In broad terms the General noted the real difficulties for the armed forces in the current operating environment, noting “The advent of more diverse and less state based threats has become an increasing feature of the age.  Most mature Western democracies no longer face existential state-on-state threats in classic force-on-force terms.  Rather the challenges are more insidious.  There are threats which relate to terrorism, to international crime, to energy resources and critical national infrastructure.  There are challenges to our human security, our way of life; there are hazards which derive from the dangerous conditions attendant on a warming planet.  And these are threats which have emerged in the rising domain of warfare: cyberspace”. 

This is a useful reminder to those whose belief that force structures today do not allow us to defend against the encroaching Soviet hordes – there is a very good reason for that! It is genuinely difficult to envision circumstances at present where the UK would be dragged unwillingly into a physically existential battle for survival against another state. Instead our threats are more challenging – if you consider the damage that can be done from a well placed cyber attack, it could be argued that there is no need for a conventional military existential threat now. A well placed cyber unit able to carry out crippling attacks on national infrastructures, power and support services could probably do more damage in one fell swoop than a sustained air campaign could over many months. It may be better to suggest that we simultaneously do not face a credible military existential threat, but there is a very credible existential threat from both nations and third party groups from the cyberspace domain.

To meet this challenge requires investment in areas not traditionally seen as ‘sexy’ components of military power. It needs to see an investment in computers, communications, information security and an investment in a culture of information awareness among every member of the workforce, from the lowest civilian to CDS. More challengingly this culture needs to be replicated across every part of Government to ensure that the UK is well placed to defend against virtual threats. In many ways the UK is well placed, the cyber security industry in the UK is a genuine world leader, and there is a growing awareness that there is little point in having expensive physical assets if they can be removed from play without ever deploying due to a cyber attack breaking the fuel distribution network, or crippling the rail infrastructure to get to the seaport. The challenge though comes when it is time to start spending serious money on this sort of project – investment in cyber defence comes at the cost of less investment in traditional military kit, which not only impacts on the defence industry, but also UK ability to deploy around the world on operations.
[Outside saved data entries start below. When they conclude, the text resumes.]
Lemma small_o_comp S1 S2 x y (g : R -> C) (k : R -> R) K :
  small_o S2 y g -> (forall h, S1 (x + h) -> S2 (y + k h)) ->
  (exists d, 0 < d /\ forall h, Rabs h < d -> Rabs (k h) <= K * Rabs h) ->
  small_o S1 x (fun h => g (k h)).
Proof.
  intros Hg HS [d0 [Hd0 Hk]] e He.
  assert (HK : 0 < Rabs K + 1) by (pose proof (Rabs_pos K); lra).
  destruct (Hg (e / (Rabs K + 1))) as [d [Hd Hg']]; [apply Rdiv_lt_0_compat; lra|].
  exists (Rmin d0 (d / (Rabs K + 1))); split; [apply Rmin_pos; auto; apply Rdiv_lt_0_compat; lra|].
  intros h Hh Sh.
  pose proof (Rmin_l d0 (d / (Rabs K + 1))). pose proof (Rmin_r d0 (d / (Rabs K + 1))).
  specialize (Hk h ltac:(lra)). pose proof (Rabs_pos h). pose proof (Rle_abs K).
  assert (Hkh : Rabs (k h) <= (Rabs K + 1) * Rabs h) by nra.
  assert (Rabs (k h) < d).
  { eapply Rle_lt_trans; [exact Hkh|].
    apply Rlt_le_trans with ((Rabs K + 1) * (d / (Rabs K + 1))); [apply Rmult_lt_compat_l; lra|].
    right; field; lra. }
  eapply Rle_trans; [apply Hg'; auto|].
  apply Rle_trans with (e / (Rabs K + 1) * ((Rabs K + 1) * Rabs h)); [|right; field; lra].
  apply Rmult_le_compat_l; [apply Rlt_le, Rdiv_lt_0_compat; lra|exact Hkh].
Qed.

Lemma small_o_of_lin_approxR S phi x l :
  lin_approxR phi x l -> small_o S x (fun h => RtoC (phi (x + h) - phi x - h * l)).
Proof.
  intros H e He. destruct (H e He) as [d [Hd H']]. exists d; split; auto.
  intros h Hh _. rewrite Cmod_R. auto.
Qed.

Lemma lin_approxR_Rabs_le phi x l : lin_approxR phi x l ->
  exists d, 0 < d /\ forall h, Rabs h < d -> Rabs (phi (x + h) - phi x) <= (Rabs l + 1) * Rabs h.
Proof.
  intros H. destruct (H 1 Rlt_0_1) as [d [Hd H']]. exists d; split; auto. intros h Hh.
  specialize (H' h Hh).
  replace (phi (x + h) - phi x) with ((phi (x + h) - phi x - h * l) + h * l) by ring.
  eapply Rle_trans; [apply Rabs_triang|]. rewrite Rabs_mult. lra.
Qed.

Lemma lin_approx_Cmod_le S f x l : lin_approx S f x l ->
  exists d, 0 < d /\ forall h, Rabs h < d -> S (x + h) ->
    Cmod (Cminus (f (x + h)) (f x)) <= (Cmod l + 1) * Rabs h.
Proof.
  intros H. destruct (H 1 Rlt_0_1) as [d [Hd H']]. exists d; split; auto. intros h Hh Sh.
  specialize (H' h Hh Sh).
  replace (Cminus (f (x + h)) (f x))
    with (Cplus (Cminus (Cminus (f (x + h)) (f x)) (Cmult (RtoC h) l)) (Cmult (RtoC h) l)) by ring.
  eapply Rle_trans; [apply Cmod_triangle|]. rewrite Cmod_mult, Cmod_R. lra.
Qed.

Lemma is_deriv_on_lin_approx S f x l : is_deriv_on S f x l <-> lin_approx S f x l.
Proof.
  rewrite is_deriv_on_eps. split.
  - intros H e He. destruct (H e He) as [d [Hd H']]. exists d; split; auto.
    intros h Hh Sh. destruct (Req_dec h 0) as [E|E].
    + subst. rewrite Rplus_0_r, Rabs_R0.
      replace (Cminus (Cminus (f x) (f x)) (Cmult (RtoC 0) l)) with (RtoC 0) by ring.
      rewrite Cmod_0. lra.
    + specialize (H' h E Hh Sh).
      replace (Cminus (Cminus (f (x + h)) (f x)) (Cmult (RtoC h) l)) with
        (Cmult (RtoC h) (Cminus (Cmult (RtoC (/ h)) (Cminus (f (x + h)) (f x))) l))
        by (apply injective_projections; simpl; field; auto).
      rewrite Cmod_mult, Cmod_R, Rmult_comm. apply Rmult_le_compat_r; [apply Rabs_pos|lra].
  - intros H e He. destruct (H (e / 2)) as [d [Hd H']]; [lra|]. exists d; split; auto.
    intros h E Hh Sh. specialize (H' h Hh Sh).
    assert (0 < Rabs h) by (apply Rabs_pos_lt; auto).
    replace (Cminus (Cmult (RtoC (/ h)) (Cminus (f (x + h)) (f x))) l) with
      (Cmult (RtoC (/ h)) (Cminus (Cminus (f (x + h)) (f x)) (Cmult (RtoC h) l)))
      by (apply injective_projections; simpl; field; auto).
    rewrite Cmod_mult, Cmod_R, Rabs_inv.
    apply Rle_lt_trans with (/ Rabs h * (e / 2 * Rabs h)).
    + apply Rmult_le_compat_l; auto. left; apply Rinv_0_lt_compat; auto.
    + replace (/ Rabs h * (e / 2 * Rabs h)) with (e / 2) by (field; lra). lra.
Qed.

Lemma lin_approx_of_is_derive S f x l :
  @is_derive R_AbsRing C_R_NormedModule f x l -> lin_approx S f x l.
Proof.
  intros [_ H]. specialize (H x (fun P HP => HP)).
  intros e He. destruct (H (mkposreal _ He)) as [d Hd]. exists d; split; [apply cond_pos|].
  intros h Hh _. specialize (Hd (x + h)). simpl in Hd.
  assert (Hb : ball x d (x + h)) by (apply ball_Rabs; replace (x + h - x) with h by ring; auto).
  specialize (Hd Hb). rewrite norm_C in Hd.
  replace (Cminus (Cminus (f (x + h)) (f x)) (Cmult (RtoC h) l)) with
    (@minus C_R_NormedModule (@minus C_R_NormedModule (f (x + h)) (f x))
       (@scal R_AbsRing C_R_NormedModule (@minus R_NormedModule (x + h) x) l)).
  - eapply Rle_trans; [exact Hd|]. right. f_equal. unfold norm; simpl. unfold abs; simpl. f_equal.
    unfold minus, plus, opp; simpl. ring.
  - rewrite scal_C, !minus_C. do 3 f_equal. unfold minus, plus, opp; simpl. ring.
Qed.

Lemma lin_approxR_of_is_derive (f : R -> R) x l : is_derive f x l -> lin_approxR f x l.
Proof.
  intros H. apply is_derive_Reals in H. intros e He.
  destruct (H e He) as [d Hd]. exists d; split; [apply cond_pos|].
  intros h Hh. destruct (Req_dec h 0) as [E|E].
  - subst. rewrite Rplus_0_r, Rabs_R0. replace (f x - f x - 0 * l) with 0 by ring.
    rewrite Rabs_R0; lra.
  - specialize (Hd h E Hh).
    replace (f (x + h) - f x - h * l) with (h * ((f (x + h) - f x) / h - l)) by (field; auto).
    rewrite Rabs_mult, Rmult_comm. apply Rmult_le_compat_r; [apply Rabs_pos|lra].
Qed.

Lemma lin_approx_minus S f g x l1 l2 : lin_approx S f x l1 -> lin_approx S g x l2 ->
  lin_approx S (fun s => Cminus (f s) (g s)) x (Cminus l1 l2).
Proof.
  intros H1 H2.
  apply (small_o_ext S x (fun h =>
    Cplus (Cminus (Cminus (f (x + h)) (f x)) (Cmult (RtoC h) l1))
          (Cmult (RtoC (-1)) (Cminus (Cminus (g (x + h)) (g x)) (Cmult (RtoC h) l2)))));
    [intros h _; apply injective_projections; simpl; ring|].
  apply small_o_plus; [exact H1|].
  apply (small_o_mul_bounded S x (fun _ => RtoC (-1)) _ 1); [|exact H2].
  exists 1; split; [lra|]. intros. rewrite Cmod_R, Rabs_left by lra. lra.
Qed.

Lemma lin_approx_ext S f g x l : (forall y, S y -> f y = g y) -> S x ->
  lin_approx S f x l -> lin_approx S g x l.
Proof. intros E Sx. rewrite <- !is_deriv_on_lin_approx. apply is_deriv_on_ext; auto. Qed.

(* (phi A)(x+h) - (phi A)(x) - h (phi' A + phi A')
     = R_phi(h) A(x+h) + h phi' (A(x+h) - A(x)) + phi(x) R_A(h). *)
Lemma lin_approx_scal_fun S (phi : R -> R) (A : R -> C) x dphi dA :
  lin_approxR phi x dphi -> lin_approx S A x dA ->
  lin_approx S (fun s => Cmult (RtoC (phi s)) (A s)) x
    (Cplus (Cmult (RtoC dphi) (A x)) (Cmult (RtoC (phi x)) dA)).
Proof.
  intros Hp HA.
  destruct (lin_approx_Cmod_le _ _ _ _ HA) as [d [Hd HAb]].
  apply (small_o_ext S x (fun h =>
    Cplus (Cplus (Cmult (A (x + h)) (RtoC (phi (x + h) - phi x - h * dphi)))
                 (Cmult (RtoC (h * dphi)) (Cminus (A (x + h)) (A x))))
          (Cmult (RtoC (phi x)) (Cminus (Cminus (A (x + h)) (A x)) (Cmult (RtoC h) dA)))));
    [intros h _; apply injective_projections; simpl; ring|].
  apply small_o_plus; [apply small_o_plus|].
  - apply (small_o_mul_bounded _ _ _ _ ((Cmod dA + 1) * d + Cmod (A x)));
      [|apply small_o_of_lin_approxR, Hp].
    exists d; split; auto. intros h Hh Sh. specialize (HAb h Hh Sh).
    replace (A (x + h)) with (Cplus (Cminus (A (x + h)) (A x)) (A x)) by ring.
    eapply Rle_trans; [apply Cmod_triangle|]. pose proof (Cmod_ge_0 dA). nra.
  - apply (small_o_quadratic _ _ _ (Rabs dphi * (Cmod dA + 1))).
    exists d; split; auto. intros h Hh Sh. specialize (HAb h Hh Sh).
    rewrite Cmod_mult, Cmod_R, Rabs_mult. pose proof (Rabs_pos h). pose proof (Rabs_pos dphi).
    apply Rle_trans with (Rabs h * Rabs dphi * ((Cmod dA + 1) * Rabs h)); [|right; ring].
    apply Rmult_le_compat_l; [nra|exact HAb].
  - apply (small_o_mul_bounded _ _ _ _ (Rabs (phi x))); [|exact HA].
    exists 1; split; [lra|]. intros. rewrite Cmod_R. lra.
Qed.

Lemma lin_approx_comp S1 S2 (phi : R -> R) (v : R -> C) r dphi L :
  lin_approxR phi r dphi -> lin_approx S2 v (phi r) L ->
  (forall h, S1 (r + h) -> S2 (phi (r + h))) ->
  lin_approx S1 (fun s => v (phi s)) r (Cmult (RtoC dphi) L).
Proof.
  intros Hp Hv HS.
  apply (small_o_ext S1 r (fun h =>
    Cplus (Cminus (Cminus (v (phi r + (phi (r + h) - phi r))) (v (phi r)))
                  (Cmult (RtoC (phi (r + h) - phi r)) L))
          (Cmult L (RtoC (phi (r + h) - phi r - h * dphi)))));
    [intros h _; replace (phi r + (phi (r + h) - phi r)) with (phi (r + h)) by ring;
     apply injective_projections; simpl; ring|].
  apply small_o_plus.
  - apply (small_o_comp S1 S2 r (phi r) _ (fun h => phi (r + h) - phi r) (Rabs dphi + 1) Hv).
    + intros h Sh. replace (phi r + (phi (r + h) - phi r)) with (phi (r + h)) by ring. auto.
    + apply lin_approxR_Rabs_le, Hp.
  - apply (small_o_mul_bounded _ _ _ _ (Cmod L)); [|apply small_o_of_lin_approxR, Hp].
    exists 1; split; [lra|]. intros; lra.
Qed.

Lemma is_deriv_on_zero_const (f : R -> C) a b : a <= b ->
  (forall x, a <= x <= b -> is_deriv_on (Icc a b) f x (RtoC 0)) -> f b = f a.
Proof.
  intros Hab Hf.
  replace (f b) with (Cplus (Cminus (f b) (f a)) (f a)) by ring.
  rewrite (Cmod_lt_all_eq0 (Cminus (f b) (f a))); [ring|]. intros e He.
  set (eps := e / (2 * (b - a) + 2)).
  assert (Heps : 0 < eps) by (apply Rdiv_lt_0_compat; lra).
  pose proof (mean_value_ineq_C f (fun _ => RtoC 0) (Icc a b) a b (RtoC 0) eps Hab
    (fun x Hx => Hx) Hf) as M.
  replace (Cminus (Cminus (f b) (f a)) (Cmult (RtoC (b - a)) (RtoC 0))) with (Cminus (f b) (f a))
    in M by ring.
  eapply Rle_lt_trans; [apply M|].
  - intros x _. replace (Cminus (RtoC 0) (RtoC 0)) with (RtoC 0) by ring. rewrite Cmod_0. lra.
  - apply Rlt_le_trans with (eps * (2 * (b - a) + 2)); [nra|]. right. unfold eps. field. lra.
Qed.

Lemma CInt_derive (f df : R -> C) a b : a <= b ->
  (forall x, a <= x <= b -> is_deriv_on (Icc a b) f x (df x)) -> (forall x, continuous df x) ->
  CInt df a b = Cminus (f b) (f a).
Proof.
  intros Hab Hf Hdf.
  assert (HD : forall x, a <= x <= b ->
            is_deriv_on (Icc a b) (fun x => Cminus (CInt df a x) (f x)) x (RtoC 0)).
  { intros x Hx. replace (RtoC 0) with (Cminus (df x) (df x)) by ring.
    apply is_deriv_on_lin_approx, lin_approx_minus.
    - apply lin_approx_of_is_derive, (is_derive_RInt (V:=C_R_NormedModule) df _ a x); [|apply Hdf].
      exists (mkposreal 1 Rlt_0_1). intros z _. apply (RInt_correct (V:=C_R_CompleteNormedModule)).
      apply ex_CInt_continuous. exact Hdf.
    - apply is_deriv_on_lin_approx, Hf; auto. }
  pose proof (is_deriv_on_zero_const _ a b Hab HD) as E. cbv beta in E.
  replace (CInt df a a) with (RtoC 0) in E by (unfold CInt; rewrite RInt_point; reflexivity).
  replace (CInt df a b) with (Cplus (Cminus (CInt df a b) (f b)) (f b)) by ring.
  rewrite E. ring.
Qed.

Lemma continuous_comp_parabola (g : R -> C) t : (forall x, continuous g x) ->
  forall x, continuous (fun r => g (t * (1 - r * r))) x.
Proof.
  intros Hg x. apply (continuous_comp (fun r => t * (1 - r * r)) g); [continuity_R|apply Hg].
Qed.

Section HalfIntegralSubstitution.

Variables (vt : R -> C) (t : R).
Hypothesis Hvt : forall x, continuous vt x.
Hypothesis Ht : 0 < t.

Lemma continuous_half_kernel s : s < t ->
  continuous (fun s => Cmult (RtoC (/ sqrt (t - s))) (vt s)) s.
Proof.
  intros Hs. apply (continuous_C_scal (fun s => / sqrt (t - s))); [|apply Hvt].
  apply continuous_Rinv_comp.
  - apply continuous_sqrt_comp. continuity_R.
  - apply Rgt_not_eq, sqrt_lt_R0. lra.
Qed.

(* The substitution s = t (1 - r^2), ds = -2 t r dr, turns the weight 1/sqrt(t - s) into the
   constant 2 sqrt t. *)
Lemma is_RInt_half_subst b y : 0 < b < t ->
  @is_RInt C_R_NormedModule (fun s => Cmult (RtoC (/ sqrt (t - s))) (vt s)) 0 b y ->
  y = Cmult (RtoC (2 * sqrt t)) (CInt (fun r => vt (t * (1 - r * r))) (sqrt (1 - b / t)) 1).
Proof.
  intros Hb Hy. set (rb := sqrt (1 - b / t)).
  assert (Hq : 0 < b / t < 1).
  { split; [apply Rdiv_lt_0_compat; lra|].
    apply (Rmult_lt_reg_r t); [lra|]. unfold Rdiv. rewrite Rmult_assoc, Rinv_l by lra. lra. }
  assert (Hrb : 0 < rb < 1).
  { unfold rb. split; [apply sqrt_lt_R0; lra|].
    rewrite <- sqrt_1 at 2. apply sqrt_lt_1_alt; lra. }
  assert (Hrb2 : rb * rb = 1 - b / t) by (unfold rb; apply sqrt_sqrt; lra).
  pose proof (is_RInt_comp (V:=C_R_CompleteNormedModule)
    (fun s => Cmult (RtoC (/ sqrt (t - s))) (vt s)) (fun r => t * (1 - r * r))
    (fun r => - 2 * t * r) rb 1) as Hc.
  rewrite Rmin_left, Rmax_right in Hc by lra.
  replace (t * (1 - rb * rb)) with b in Hc by (rewrite Hrb2; field; lra).
  replace (t * (1 - 1 * 1)) with 0 in Hc by ring.
  assert (Hswap : @RInt C_R_CompleteNormedModule
      (fun s => Cmult (RtoC (/ sqrt (t - s))) (vt s)) b 0 = opp y).
  { apply is_RInt_unique. apply (is_RInt_swap (V:=C_R_NormedModule)). exact Hy. }
  rewrite Hswap in Hc.
  assert (Hsub : @is_RInt C_R_NormedModule
      (fun r => Cmult (RtoC (- 2 * sqrt t)) (vt (t * (1 - r * r)))) rb 1 (opp y)).
  { eapply is_RInt_ext; [|apply Hc].
    - intros r Hr. rewrite Rmin_left, Rmax_right in Hr by lra. cbv beta. rewrite scal_C.
      replace (t - t * (1 - r * r)) with (t * (r * r)) by ring.
      rewrite sqrt_mult, sqrt_square by nra.
      assert (0 < sqrt t) by (apply sqrt_lt_R0; lra).
      rewrite <- (sqrt_sqrt t) at 1 by lra.
      apply injective_projections; simpl; field; split; lra.
    - intros x Hx. apply continuous_half_kernel.
      assert (0 < t * (x * x)) by (apply Rmult_lt_0_compat; nra). lra.
    - intros x _. split; [auto_derive; auto; ring | continuity_R]. }
  apply (is_RInt_unique (V:=C_R_CompleteNormedModule)) in Hsub.
  change (CInt (fun r => Cmult (RtoC (- 2 * sqrt t)) (vt (t * (1 - r * r)))) rb 1 = opp y) in Hsub.
  rewrite CInt_scal in Hsub by (apply ex_CInt_continuous, continuous_comp_parabola, Hvt).
  replace y with (opp (opp y)) by apply opp_opp. rewrite <- Hsub, opp_C.
  apply injective_projections; simpl; ring.
Qed.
CDS hinted as much in his speech when suggesting that Western nations reviewed their conventional inventories. But he also made a sensible observation by suggesting that Western nations needed to work far more closely together in some areas with genuine jointery at play. There is a serious problem of over capacity in some areas, and lack of willingness to co-operate on shared abilities. The recent deployments in Mali and Central African Republic show how a truly joint air transport fleet may have been more effective, with member states able to provide through a central tasking mechanism rather than relying on individual contributions by nation states in penny packet measures.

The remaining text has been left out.